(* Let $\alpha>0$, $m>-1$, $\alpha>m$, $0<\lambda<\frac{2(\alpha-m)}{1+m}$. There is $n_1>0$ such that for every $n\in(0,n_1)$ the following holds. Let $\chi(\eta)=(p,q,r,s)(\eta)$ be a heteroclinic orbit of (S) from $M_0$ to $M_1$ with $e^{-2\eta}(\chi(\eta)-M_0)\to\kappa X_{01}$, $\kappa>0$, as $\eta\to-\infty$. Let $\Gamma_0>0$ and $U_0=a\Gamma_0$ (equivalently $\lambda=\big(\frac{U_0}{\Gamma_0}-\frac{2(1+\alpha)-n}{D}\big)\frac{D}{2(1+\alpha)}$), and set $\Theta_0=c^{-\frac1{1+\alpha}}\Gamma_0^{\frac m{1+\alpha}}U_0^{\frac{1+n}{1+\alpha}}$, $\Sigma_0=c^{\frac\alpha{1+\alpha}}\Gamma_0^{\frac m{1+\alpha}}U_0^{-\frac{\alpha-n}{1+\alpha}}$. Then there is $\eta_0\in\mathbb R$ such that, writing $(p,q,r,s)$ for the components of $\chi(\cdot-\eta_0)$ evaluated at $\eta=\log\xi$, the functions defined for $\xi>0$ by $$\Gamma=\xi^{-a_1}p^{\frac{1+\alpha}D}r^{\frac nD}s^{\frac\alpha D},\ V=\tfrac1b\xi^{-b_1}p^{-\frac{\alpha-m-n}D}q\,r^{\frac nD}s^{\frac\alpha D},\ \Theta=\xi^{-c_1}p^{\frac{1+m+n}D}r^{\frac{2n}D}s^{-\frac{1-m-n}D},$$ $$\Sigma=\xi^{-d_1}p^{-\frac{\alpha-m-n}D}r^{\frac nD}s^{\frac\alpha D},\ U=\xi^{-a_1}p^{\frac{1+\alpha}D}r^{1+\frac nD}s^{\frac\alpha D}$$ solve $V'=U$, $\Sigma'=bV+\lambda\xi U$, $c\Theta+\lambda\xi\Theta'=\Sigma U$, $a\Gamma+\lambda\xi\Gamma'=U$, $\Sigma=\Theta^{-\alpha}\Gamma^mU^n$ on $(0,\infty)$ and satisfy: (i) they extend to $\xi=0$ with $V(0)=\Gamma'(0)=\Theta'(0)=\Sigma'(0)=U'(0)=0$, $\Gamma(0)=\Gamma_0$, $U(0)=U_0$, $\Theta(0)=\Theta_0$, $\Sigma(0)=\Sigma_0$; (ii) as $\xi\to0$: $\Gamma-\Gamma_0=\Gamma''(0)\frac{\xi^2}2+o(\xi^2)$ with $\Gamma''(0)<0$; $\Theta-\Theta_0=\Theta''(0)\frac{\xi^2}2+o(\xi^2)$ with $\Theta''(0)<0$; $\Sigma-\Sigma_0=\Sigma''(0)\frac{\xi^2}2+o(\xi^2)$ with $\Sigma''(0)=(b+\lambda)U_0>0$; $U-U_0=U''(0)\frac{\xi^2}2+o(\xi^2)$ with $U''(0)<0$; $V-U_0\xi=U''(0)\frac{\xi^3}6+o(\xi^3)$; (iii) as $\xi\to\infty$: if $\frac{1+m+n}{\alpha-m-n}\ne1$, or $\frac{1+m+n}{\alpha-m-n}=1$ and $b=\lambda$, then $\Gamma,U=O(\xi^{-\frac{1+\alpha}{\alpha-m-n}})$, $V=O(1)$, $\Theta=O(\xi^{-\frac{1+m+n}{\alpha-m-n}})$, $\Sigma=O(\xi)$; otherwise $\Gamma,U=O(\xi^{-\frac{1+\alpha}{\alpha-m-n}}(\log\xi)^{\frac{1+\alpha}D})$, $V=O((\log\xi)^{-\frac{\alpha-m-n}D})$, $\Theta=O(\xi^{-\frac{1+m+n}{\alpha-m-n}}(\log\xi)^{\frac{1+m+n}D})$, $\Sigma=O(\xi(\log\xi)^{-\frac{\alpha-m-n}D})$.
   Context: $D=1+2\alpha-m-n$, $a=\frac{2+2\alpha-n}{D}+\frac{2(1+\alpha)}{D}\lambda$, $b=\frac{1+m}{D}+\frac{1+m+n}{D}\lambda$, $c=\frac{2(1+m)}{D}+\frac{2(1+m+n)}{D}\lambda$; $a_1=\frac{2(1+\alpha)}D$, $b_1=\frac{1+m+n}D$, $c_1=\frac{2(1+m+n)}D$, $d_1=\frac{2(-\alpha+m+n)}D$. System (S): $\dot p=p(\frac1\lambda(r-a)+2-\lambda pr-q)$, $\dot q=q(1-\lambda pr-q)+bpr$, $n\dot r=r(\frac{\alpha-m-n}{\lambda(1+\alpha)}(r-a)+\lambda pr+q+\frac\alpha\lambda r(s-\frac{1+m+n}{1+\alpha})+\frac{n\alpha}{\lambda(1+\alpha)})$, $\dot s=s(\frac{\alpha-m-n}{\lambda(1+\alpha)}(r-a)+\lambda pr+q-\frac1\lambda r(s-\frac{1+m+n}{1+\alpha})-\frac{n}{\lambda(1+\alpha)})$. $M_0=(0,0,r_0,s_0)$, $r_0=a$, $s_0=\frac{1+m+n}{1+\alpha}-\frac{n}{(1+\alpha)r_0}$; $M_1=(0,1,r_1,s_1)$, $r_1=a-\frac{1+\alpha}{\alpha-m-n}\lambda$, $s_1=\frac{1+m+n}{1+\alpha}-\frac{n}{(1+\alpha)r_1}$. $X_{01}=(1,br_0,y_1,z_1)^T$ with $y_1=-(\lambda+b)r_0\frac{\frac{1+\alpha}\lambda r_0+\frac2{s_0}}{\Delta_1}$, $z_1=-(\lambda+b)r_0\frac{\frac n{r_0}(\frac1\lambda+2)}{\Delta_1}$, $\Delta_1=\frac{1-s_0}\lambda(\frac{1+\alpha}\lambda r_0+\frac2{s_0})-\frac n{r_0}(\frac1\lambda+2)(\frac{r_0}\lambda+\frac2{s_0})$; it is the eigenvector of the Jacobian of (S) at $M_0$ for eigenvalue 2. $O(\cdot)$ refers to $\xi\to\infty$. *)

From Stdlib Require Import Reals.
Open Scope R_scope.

:::

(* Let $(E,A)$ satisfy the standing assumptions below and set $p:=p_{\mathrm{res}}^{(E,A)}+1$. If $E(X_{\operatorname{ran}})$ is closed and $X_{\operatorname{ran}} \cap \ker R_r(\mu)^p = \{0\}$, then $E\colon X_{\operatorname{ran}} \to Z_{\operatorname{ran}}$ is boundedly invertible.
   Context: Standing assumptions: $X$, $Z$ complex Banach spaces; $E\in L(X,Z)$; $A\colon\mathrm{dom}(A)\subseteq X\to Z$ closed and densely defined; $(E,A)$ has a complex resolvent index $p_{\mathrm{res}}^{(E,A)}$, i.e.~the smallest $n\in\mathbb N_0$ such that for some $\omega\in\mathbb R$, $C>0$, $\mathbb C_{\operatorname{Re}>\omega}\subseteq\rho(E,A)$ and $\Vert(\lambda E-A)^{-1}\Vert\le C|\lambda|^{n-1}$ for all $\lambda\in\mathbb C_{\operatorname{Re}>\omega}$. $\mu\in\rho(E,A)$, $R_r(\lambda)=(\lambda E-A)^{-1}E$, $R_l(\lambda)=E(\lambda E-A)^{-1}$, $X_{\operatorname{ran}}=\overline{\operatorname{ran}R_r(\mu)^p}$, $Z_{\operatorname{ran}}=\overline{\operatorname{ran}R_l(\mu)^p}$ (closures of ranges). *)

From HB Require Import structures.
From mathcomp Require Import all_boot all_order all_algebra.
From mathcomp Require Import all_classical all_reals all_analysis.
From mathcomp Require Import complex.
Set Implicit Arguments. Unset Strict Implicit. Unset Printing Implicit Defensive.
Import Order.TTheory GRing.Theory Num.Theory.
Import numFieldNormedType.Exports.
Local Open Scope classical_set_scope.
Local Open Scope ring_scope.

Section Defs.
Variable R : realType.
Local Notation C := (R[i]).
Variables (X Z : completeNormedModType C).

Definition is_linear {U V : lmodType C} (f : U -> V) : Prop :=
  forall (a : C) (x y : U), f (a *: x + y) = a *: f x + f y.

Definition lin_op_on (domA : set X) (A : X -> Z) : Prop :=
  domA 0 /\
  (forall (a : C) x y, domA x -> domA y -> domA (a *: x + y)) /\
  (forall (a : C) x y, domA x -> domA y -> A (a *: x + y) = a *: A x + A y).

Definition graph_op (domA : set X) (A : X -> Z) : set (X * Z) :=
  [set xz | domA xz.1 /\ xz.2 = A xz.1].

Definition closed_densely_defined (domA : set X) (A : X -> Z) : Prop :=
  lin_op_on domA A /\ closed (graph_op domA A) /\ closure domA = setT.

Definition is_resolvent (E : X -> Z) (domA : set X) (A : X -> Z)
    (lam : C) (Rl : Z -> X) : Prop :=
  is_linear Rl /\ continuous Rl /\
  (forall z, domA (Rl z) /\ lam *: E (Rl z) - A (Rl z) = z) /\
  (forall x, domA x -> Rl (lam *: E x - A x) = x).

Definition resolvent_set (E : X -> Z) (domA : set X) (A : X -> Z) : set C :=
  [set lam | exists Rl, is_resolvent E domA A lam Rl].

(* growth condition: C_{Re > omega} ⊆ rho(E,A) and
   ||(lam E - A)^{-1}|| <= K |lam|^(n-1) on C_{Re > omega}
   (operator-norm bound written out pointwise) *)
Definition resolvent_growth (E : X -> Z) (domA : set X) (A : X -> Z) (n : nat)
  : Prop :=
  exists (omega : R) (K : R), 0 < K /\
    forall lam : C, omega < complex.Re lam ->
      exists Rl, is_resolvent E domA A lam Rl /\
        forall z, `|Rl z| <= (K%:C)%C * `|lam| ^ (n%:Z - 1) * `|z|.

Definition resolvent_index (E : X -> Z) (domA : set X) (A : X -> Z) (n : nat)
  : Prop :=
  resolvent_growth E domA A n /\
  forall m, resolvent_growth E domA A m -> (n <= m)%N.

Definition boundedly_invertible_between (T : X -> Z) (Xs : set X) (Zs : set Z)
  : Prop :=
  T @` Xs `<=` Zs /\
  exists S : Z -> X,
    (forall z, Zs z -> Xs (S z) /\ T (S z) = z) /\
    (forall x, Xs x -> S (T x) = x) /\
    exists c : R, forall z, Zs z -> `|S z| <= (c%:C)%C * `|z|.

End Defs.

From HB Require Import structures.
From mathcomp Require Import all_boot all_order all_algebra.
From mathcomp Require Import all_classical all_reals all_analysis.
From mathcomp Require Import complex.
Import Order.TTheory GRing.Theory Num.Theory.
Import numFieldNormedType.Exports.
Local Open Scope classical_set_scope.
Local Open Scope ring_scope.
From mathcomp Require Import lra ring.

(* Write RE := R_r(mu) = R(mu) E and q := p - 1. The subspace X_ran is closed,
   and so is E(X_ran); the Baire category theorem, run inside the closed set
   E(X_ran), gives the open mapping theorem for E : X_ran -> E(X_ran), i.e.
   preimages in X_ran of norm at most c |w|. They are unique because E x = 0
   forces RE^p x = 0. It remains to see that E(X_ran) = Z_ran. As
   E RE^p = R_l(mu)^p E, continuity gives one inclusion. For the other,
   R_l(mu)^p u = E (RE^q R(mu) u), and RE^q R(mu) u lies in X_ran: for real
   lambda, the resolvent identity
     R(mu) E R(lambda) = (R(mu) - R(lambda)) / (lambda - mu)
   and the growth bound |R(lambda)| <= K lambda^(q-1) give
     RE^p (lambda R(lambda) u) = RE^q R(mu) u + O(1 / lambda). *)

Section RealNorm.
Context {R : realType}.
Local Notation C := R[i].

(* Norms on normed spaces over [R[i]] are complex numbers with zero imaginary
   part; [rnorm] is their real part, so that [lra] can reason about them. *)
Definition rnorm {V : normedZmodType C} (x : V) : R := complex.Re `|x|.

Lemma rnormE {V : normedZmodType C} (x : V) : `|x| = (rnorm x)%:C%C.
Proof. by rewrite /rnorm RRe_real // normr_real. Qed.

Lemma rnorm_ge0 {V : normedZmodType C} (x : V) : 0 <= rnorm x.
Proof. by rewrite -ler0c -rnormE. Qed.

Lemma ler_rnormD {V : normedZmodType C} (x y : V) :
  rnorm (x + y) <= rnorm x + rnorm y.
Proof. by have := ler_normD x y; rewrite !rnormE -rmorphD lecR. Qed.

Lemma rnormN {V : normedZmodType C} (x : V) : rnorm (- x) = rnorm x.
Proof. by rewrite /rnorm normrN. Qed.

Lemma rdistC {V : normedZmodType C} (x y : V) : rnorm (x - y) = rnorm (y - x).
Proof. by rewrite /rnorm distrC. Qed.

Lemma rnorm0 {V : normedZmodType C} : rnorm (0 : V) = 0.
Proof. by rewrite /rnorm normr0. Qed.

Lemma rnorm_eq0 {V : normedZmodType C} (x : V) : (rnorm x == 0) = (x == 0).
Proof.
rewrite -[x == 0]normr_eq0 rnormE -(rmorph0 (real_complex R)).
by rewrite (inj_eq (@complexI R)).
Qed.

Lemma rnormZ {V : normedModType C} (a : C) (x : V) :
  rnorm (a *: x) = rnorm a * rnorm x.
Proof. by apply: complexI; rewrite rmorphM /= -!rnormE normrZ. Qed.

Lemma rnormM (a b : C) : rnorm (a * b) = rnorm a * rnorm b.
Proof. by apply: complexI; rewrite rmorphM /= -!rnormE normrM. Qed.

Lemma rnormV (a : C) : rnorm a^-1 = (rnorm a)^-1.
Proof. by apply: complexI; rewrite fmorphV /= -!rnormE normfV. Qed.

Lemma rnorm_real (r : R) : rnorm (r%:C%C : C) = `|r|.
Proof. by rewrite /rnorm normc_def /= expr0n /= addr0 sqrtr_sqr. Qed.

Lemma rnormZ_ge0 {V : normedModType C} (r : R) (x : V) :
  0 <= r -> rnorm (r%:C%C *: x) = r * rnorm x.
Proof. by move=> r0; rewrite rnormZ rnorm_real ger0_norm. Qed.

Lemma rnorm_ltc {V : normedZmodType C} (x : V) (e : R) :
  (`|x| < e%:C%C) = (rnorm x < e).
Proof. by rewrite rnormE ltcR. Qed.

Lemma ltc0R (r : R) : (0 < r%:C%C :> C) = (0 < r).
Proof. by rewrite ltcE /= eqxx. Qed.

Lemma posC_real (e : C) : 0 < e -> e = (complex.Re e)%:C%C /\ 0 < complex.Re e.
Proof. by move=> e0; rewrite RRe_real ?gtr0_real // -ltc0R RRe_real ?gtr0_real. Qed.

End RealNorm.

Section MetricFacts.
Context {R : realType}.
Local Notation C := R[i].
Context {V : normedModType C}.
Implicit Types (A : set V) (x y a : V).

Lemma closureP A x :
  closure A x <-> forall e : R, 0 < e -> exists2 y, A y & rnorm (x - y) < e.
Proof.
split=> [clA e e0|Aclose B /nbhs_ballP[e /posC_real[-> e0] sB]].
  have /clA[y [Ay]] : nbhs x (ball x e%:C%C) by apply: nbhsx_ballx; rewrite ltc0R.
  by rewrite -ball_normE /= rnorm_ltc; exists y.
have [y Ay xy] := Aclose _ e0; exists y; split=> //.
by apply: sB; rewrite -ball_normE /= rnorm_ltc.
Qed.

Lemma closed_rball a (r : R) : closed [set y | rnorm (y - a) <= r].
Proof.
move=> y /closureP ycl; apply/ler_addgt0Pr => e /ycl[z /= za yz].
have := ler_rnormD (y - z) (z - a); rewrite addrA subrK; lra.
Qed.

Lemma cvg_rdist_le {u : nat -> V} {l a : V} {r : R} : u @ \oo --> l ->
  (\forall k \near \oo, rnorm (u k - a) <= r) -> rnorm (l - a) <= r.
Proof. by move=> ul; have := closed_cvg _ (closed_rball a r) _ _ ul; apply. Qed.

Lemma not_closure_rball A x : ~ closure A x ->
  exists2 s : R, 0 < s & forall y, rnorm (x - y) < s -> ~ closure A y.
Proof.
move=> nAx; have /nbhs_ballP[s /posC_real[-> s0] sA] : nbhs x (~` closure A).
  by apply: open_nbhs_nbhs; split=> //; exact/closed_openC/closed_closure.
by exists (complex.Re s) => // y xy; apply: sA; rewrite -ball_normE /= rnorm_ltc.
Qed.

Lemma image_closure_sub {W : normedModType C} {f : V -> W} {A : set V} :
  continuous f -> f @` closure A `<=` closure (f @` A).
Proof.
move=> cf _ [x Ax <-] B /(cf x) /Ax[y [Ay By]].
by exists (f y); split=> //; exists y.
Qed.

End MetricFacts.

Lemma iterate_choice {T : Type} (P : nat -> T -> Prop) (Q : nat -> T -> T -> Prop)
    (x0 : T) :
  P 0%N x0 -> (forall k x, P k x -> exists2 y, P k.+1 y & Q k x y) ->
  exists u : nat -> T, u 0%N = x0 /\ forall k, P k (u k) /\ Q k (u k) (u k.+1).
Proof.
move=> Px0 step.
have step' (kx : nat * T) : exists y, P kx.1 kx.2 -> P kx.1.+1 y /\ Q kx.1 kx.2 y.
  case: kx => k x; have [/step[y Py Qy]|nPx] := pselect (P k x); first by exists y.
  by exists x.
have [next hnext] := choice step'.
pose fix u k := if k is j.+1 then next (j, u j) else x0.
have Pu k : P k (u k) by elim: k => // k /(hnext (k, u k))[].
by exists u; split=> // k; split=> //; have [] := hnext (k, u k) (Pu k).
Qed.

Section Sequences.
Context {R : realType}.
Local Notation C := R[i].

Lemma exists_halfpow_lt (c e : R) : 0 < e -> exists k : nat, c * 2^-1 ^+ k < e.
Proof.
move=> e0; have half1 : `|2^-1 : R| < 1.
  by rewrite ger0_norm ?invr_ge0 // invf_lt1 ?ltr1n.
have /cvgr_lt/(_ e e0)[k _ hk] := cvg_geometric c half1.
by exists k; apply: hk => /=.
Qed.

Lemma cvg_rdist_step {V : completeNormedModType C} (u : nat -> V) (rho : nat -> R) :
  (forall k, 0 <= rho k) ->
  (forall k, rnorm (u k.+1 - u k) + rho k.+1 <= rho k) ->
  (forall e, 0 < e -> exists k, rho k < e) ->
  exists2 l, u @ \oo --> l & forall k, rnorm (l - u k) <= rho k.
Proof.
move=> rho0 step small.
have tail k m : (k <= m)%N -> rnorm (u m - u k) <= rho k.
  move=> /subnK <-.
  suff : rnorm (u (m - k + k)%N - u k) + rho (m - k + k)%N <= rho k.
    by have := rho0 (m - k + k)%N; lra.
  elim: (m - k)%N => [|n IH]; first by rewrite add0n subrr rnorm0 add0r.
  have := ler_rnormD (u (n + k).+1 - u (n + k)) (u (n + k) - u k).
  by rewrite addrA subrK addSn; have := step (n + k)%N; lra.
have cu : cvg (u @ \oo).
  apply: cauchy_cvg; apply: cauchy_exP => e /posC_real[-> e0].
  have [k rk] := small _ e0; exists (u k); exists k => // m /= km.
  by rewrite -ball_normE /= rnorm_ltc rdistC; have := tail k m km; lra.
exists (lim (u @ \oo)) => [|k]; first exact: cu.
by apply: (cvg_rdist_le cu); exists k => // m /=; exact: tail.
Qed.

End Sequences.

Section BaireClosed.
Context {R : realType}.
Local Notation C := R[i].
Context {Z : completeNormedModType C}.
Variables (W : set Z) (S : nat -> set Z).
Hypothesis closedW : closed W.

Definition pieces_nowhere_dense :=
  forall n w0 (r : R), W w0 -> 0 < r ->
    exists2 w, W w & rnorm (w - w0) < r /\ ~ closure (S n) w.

:::

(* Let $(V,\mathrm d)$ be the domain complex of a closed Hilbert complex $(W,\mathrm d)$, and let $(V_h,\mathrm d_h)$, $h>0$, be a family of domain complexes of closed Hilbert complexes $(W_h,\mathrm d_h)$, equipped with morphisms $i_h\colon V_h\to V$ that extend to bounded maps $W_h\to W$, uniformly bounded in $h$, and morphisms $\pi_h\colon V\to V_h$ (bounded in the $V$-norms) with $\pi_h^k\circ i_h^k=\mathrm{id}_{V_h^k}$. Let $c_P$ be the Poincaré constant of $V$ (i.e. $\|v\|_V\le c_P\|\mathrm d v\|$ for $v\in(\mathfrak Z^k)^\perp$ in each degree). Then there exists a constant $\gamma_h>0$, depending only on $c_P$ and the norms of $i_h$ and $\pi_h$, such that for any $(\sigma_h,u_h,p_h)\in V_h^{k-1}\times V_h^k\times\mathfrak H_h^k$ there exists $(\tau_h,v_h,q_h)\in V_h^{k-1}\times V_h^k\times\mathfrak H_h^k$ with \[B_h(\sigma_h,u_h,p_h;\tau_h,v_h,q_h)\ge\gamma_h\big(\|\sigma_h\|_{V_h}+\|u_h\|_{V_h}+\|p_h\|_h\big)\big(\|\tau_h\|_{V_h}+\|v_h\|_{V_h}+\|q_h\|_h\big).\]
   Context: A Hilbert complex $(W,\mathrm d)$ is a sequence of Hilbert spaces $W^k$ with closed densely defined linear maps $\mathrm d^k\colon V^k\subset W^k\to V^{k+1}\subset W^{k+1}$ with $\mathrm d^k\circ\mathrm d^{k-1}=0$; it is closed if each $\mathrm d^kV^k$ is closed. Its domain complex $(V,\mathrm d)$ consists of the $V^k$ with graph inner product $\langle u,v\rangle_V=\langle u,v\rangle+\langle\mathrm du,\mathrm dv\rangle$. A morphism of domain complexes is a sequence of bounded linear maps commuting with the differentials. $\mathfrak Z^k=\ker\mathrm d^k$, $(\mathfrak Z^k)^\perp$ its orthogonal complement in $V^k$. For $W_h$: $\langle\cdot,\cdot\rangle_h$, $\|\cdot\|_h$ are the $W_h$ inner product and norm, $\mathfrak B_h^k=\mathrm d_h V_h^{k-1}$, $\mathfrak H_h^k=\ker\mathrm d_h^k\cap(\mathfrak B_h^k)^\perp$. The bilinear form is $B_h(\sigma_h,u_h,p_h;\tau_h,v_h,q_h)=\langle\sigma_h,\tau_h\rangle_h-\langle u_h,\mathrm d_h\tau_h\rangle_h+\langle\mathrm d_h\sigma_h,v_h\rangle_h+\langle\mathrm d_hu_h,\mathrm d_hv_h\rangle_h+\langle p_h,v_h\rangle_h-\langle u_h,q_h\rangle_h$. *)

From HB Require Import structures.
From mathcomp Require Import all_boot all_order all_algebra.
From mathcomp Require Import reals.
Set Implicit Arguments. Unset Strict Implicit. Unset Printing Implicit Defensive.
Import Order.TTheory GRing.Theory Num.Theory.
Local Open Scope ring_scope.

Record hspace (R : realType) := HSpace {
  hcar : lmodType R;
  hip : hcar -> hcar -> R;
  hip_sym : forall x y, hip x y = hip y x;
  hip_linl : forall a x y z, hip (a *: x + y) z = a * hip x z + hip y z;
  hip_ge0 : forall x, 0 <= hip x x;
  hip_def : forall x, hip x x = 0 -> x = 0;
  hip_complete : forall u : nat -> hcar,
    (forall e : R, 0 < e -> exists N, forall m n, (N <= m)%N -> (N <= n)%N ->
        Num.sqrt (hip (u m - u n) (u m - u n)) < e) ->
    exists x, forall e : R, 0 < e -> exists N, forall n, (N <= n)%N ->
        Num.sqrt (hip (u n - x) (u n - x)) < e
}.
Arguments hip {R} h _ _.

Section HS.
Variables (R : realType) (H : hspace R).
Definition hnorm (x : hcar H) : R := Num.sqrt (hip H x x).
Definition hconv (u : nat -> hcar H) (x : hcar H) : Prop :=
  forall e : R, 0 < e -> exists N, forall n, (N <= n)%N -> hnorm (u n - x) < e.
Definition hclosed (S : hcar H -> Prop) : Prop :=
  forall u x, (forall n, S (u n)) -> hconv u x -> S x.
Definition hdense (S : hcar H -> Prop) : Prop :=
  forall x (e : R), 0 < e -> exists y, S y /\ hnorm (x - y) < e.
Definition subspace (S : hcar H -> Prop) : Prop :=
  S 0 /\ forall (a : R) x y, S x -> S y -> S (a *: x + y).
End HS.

:::

**WORK TASK:** Look for the word "Variables" in the data, then return every line that contains it.

**WRITTEN RESPONSE:**
Variables (X Z : completeNormedModType C).
Variables (W : set Z) (S : nat -> set Z).
Variables (R : realType) (H : hspace R).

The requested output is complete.